Your goal: Comb the records below for the string "Rdiv" and copy each line where it turns up.
═══ Data under study ═══
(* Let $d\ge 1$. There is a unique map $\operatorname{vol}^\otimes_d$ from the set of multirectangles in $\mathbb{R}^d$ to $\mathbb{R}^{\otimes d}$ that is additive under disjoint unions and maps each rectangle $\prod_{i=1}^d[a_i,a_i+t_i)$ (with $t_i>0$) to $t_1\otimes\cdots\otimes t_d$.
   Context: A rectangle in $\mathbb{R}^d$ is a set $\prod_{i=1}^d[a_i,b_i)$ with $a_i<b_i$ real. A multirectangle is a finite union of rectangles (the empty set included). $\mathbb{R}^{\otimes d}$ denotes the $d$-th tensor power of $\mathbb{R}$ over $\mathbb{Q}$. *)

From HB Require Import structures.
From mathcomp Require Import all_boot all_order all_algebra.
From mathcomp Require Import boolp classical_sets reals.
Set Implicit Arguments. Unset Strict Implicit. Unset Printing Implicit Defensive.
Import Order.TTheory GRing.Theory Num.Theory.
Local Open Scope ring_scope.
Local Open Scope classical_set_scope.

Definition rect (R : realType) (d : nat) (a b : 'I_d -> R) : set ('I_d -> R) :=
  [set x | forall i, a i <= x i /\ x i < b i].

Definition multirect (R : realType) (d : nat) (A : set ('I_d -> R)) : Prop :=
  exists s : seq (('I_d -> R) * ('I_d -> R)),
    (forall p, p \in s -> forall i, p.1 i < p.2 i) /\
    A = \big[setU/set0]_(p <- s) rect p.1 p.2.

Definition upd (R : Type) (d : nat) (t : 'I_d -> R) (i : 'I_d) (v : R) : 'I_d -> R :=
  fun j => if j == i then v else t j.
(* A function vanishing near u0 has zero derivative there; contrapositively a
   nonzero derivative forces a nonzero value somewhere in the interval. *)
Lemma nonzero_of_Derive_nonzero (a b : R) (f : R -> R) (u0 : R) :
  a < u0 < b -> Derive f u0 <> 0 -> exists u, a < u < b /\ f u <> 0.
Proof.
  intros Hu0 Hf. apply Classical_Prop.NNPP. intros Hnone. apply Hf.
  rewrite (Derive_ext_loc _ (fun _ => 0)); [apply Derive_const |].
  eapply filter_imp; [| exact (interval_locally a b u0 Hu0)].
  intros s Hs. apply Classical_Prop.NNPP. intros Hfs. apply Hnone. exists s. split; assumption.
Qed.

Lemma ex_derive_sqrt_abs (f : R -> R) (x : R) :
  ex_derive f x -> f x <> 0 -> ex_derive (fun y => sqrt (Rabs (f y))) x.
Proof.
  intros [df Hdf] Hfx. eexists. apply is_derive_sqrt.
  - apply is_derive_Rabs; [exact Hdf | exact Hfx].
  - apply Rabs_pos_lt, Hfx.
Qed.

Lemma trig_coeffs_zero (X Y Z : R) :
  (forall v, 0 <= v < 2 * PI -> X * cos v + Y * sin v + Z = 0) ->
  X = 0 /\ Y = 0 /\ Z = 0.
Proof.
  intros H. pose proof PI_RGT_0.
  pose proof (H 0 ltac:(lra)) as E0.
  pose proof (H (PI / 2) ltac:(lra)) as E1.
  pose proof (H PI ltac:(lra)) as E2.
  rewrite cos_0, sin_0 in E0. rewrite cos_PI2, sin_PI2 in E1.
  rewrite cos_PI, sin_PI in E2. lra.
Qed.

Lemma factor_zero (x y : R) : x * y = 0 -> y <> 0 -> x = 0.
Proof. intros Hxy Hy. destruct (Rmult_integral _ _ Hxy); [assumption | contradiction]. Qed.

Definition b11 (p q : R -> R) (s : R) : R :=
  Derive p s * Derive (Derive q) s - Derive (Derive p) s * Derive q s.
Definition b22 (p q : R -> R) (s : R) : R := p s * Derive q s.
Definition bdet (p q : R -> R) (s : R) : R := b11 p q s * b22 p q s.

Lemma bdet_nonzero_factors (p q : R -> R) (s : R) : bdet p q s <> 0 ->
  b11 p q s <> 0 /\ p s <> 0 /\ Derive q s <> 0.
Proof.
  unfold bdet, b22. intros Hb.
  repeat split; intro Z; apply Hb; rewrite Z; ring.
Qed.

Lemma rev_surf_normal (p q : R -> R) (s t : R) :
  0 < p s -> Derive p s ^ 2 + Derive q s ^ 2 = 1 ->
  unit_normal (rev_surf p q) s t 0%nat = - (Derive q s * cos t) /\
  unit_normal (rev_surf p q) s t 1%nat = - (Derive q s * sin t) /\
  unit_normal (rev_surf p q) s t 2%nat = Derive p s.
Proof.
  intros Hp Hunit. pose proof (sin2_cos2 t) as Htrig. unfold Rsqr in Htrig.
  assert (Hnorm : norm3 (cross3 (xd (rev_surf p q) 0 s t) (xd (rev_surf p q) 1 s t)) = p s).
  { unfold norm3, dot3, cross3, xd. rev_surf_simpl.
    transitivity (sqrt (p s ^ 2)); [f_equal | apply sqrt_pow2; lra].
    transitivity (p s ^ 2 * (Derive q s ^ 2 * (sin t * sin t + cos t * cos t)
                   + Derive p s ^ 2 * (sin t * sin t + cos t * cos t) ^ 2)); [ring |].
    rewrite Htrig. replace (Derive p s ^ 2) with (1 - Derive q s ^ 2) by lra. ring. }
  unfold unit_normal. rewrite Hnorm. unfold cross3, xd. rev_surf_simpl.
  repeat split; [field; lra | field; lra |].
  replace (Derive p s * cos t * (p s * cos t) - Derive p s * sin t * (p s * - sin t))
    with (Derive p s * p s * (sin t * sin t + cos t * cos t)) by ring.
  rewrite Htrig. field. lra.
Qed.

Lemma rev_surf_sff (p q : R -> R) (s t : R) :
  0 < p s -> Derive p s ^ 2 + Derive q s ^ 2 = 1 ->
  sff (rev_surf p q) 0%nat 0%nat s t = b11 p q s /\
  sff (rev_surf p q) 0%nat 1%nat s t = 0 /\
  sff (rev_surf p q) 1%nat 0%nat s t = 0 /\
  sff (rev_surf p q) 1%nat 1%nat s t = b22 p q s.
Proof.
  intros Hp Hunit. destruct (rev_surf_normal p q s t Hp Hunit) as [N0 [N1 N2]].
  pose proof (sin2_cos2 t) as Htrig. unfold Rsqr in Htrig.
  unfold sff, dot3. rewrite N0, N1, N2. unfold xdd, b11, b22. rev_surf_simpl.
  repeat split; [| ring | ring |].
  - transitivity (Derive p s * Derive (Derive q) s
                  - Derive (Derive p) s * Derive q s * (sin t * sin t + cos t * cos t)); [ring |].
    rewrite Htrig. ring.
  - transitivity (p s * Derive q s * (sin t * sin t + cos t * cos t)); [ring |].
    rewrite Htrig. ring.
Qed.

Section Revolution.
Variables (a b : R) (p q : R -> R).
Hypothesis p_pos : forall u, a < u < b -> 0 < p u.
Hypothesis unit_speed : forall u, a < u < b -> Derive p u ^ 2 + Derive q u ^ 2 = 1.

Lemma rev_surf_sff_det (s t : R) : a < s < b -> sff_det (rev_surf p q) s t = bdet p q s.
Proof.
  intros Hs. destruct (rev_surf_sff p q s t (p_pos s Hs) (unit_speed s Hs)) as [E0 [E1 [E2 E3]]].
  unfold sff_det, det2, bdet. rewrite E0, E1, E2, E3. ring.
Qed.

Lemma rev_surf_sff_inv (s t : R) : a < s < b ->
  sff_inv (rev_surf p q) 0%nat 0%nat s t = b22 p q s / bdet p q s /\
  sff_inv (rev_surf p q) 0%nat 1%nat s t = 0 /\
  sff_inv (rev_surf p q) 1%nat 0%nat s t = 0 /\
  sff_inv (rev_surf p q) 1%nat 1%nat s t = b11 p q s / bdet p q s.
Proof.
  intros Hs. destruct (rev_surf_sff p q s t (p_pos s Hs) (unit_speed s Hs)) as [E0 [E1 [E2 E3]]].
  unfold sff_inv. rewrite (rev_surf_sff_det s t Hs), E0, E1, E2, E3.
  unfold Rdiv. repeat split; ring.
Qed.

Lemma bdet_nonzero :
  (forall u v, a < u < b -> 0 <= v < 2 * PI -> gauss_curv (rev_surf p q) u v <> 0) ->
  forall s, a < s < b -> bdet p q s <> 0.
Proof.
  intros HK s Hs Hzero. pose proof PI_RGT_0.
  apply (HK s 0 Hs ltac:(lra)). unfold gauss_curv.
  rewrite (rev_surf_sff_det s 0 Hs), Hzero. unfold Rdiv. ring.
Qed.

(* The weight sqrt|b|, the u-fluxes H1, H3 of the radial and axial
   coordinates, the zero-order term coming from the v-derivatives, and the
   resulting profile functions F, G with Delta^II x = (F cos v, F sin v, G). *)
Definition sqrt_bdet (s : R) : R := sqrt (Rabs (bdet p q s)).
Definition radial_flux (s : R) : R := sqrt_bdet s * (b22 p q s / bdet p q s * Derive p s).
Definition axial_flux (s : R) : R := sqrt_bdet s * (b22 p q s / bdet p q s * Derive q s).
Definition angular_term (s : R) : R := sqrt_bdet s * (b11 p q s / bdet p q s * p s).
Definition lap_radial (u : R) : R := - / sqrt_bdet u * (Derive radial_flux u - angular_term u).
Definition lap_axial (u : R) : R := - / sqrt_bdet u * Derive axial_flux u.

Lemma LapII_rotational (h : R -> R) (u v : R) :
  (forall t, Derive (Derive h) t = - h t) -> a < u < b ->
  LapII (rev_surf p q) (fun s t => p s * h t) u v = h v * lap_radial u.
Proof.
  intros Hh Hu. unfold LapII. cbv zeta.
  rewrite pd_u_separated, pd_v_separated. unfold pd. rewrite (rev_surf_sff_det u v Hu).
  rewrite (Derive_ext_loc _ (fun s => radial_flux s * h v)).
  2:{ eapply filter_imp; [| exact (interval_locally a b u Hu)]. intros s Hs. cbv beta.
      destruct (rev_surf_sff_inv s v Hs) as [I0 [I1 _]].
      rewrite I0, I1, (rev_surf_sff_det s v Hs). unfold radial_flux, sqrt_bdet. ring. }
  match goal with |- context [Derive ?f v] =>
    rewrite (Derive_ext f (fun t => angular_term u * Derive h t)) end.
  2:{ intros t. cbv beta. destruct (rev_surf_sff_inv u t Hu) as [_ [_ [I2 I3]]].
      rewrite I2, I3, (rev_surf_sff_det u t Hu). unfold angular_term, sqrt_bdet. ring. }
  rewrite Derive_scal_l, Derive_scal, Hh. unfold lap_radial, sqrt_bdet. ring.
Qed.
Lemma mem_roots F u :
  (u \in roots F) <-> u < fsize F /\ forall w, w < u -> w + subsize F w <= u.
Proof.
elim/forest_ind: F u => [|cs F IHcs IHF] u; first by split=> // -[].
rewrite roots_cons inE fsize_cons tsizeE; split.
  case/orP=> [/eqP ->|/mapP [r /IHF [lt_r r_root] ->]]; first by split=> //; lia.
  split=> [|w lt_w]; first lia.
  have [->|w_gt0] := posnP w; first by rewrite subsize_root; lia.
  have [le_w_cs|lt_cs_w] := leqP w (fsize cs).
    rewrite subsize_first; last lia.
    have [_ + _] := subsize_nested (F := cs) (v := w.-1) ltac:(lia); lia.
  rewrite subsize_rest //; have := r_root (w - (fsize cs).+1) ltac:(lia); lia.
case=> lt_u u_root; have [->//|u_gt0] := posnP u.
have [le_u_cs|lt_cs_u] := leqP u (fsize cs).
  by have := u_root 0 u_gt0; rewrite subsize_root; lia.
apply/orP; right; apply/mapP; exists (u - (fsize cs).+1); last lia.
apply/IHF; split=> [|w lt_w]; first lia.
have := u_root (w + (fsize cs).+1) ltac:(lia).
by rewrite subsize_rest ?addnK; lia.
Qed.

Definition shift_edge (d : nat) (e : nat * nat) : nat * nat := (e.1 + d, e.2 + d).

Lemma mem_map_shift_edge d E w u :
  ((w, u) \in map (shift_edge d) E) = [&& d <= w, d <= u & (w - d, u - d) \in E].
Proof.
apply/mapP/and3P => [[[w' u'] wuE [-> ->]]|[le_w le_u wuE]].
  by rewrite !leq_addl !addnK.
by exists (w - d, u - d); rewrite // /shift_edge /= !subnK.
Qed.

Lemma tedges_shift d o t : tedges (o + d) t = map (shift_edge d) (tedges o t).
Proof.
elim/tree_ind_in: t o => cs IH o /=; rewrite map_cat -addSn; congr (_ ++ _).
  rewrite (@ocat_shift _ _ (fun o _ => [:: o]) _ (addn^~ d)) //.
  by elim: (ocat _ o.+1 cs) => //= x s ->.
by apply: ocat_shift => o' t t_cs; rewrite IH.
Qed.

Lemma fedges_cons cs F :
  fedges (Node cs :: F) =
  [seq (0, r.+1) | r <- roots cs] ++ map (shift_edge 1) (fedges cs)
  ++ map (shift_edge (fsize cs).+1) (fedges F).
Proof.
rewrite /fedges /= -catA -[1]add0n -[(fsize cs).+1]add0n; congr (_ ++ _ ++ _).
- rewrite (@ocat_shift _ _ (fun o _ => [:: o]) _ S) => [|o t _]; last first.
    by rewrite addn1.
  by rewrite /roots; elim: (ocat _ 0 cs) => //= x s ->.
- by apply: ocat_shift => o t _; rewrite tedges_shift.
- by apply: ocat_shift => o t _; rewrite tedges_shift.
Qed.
═══
Output below:
  unfold Rdiv. repeat split; ring.
  rewrite (rev_surf_sff_det s 0 Hs), Hzero. unfold Rdiv. ring.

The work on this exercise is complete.